SA It seems that, in retrospect (i.e. post-credit meltdown), we’ve already lived through our popularly held fantasy of paradise. Only now do we acknowledge the last 12 years of prosperity (in the UK) as the reified fantasy that it was. But then, I’m just stating the obvious there.
RR What does your idea of paradise look like?
SA See my story, ‘Heaven’s Anus’, in the book Sunsets and Dogshits… I don’t know what paradise would look like, but it would probably feel like the first few weeks of a new relationship with a woman you really loved, or thought you loved. But then, I’m a sentimental man. There would definitely be a blackbird singing from a TV aerial.

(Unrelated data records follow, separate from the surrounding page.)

Lemma not_learnable_Erange_omega_omegastar : ~ learnable Erange [omega; omegastar].
Proof.
  intros [Gam [Hc Hl]].
  assert (Lo : LD [omega; omegastar] omega)
    by (apply (LD_of_iso _ _ omega); [now left | apply iso_refl]).
  assert (Ls : LD [omega; omegastar] omegastar)
    by (apply (LD_of_iso _ _ omegastar); [now right; left | apply iso_refl]).
  apply omega_not_iso_omegastar, Hl; auto. intro x. split.
  - apply (Erange_learner_range_incl _ Gam omega omegastar Hc Hl Lo); [now right; left|].
    apply reverse_below_local_copy. intros N i l H. apply (reverse_below_swaps N i l H).
  - apply (Erange_learner_range_incl _ Gam omegastar omega Hc Hl Ls); [now left|].
    apply reverse_below_local_copy. intros N i l H. apply (reverse_below_swaps N i l H).
Qed.

Theorem mainTheorem7 :
  (forall (sig : signature) (K : list (Struc sig)),
      finite_family K -> learnable Erange K -> learnable E0 K) /\
  (finite_family [omega; omegastar] /\
   learnable E0 [omega; omegastar] /\
   ~ learnable Erange [omega; omegastar]).
Proof.
  split; [intros sig K _; apply learnable_E0_of_Erange|].
  split; [exact finite_family_omega_omegastar|].
  split; [exact learnable_E0_omega_omegastar | exact not_learnable_Erange_omega_omegastar].
Qed.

RR Do you think people are too paranoid about food production nowadays to consider eating an egg with legs or drinking from a river of wine?
SA You don’t have to be paranoid to send a bipedal ovum back to the kitchen – only indignant. A river of wine is a different matter.
RR How many times can you listen to your new favourite track before its ruined?
SA It depends on the gaps between each listening. The question doesn’t state whether the listenings would be consecutive or spaced out over time. Also, the phrase ‘your new favourite track’ makes the listener’s favouritism sound cynical, a short-lived infatuation before he moves on to the ‘next’ thing. It reminds me of the Hives’ album Your New Favourite Band.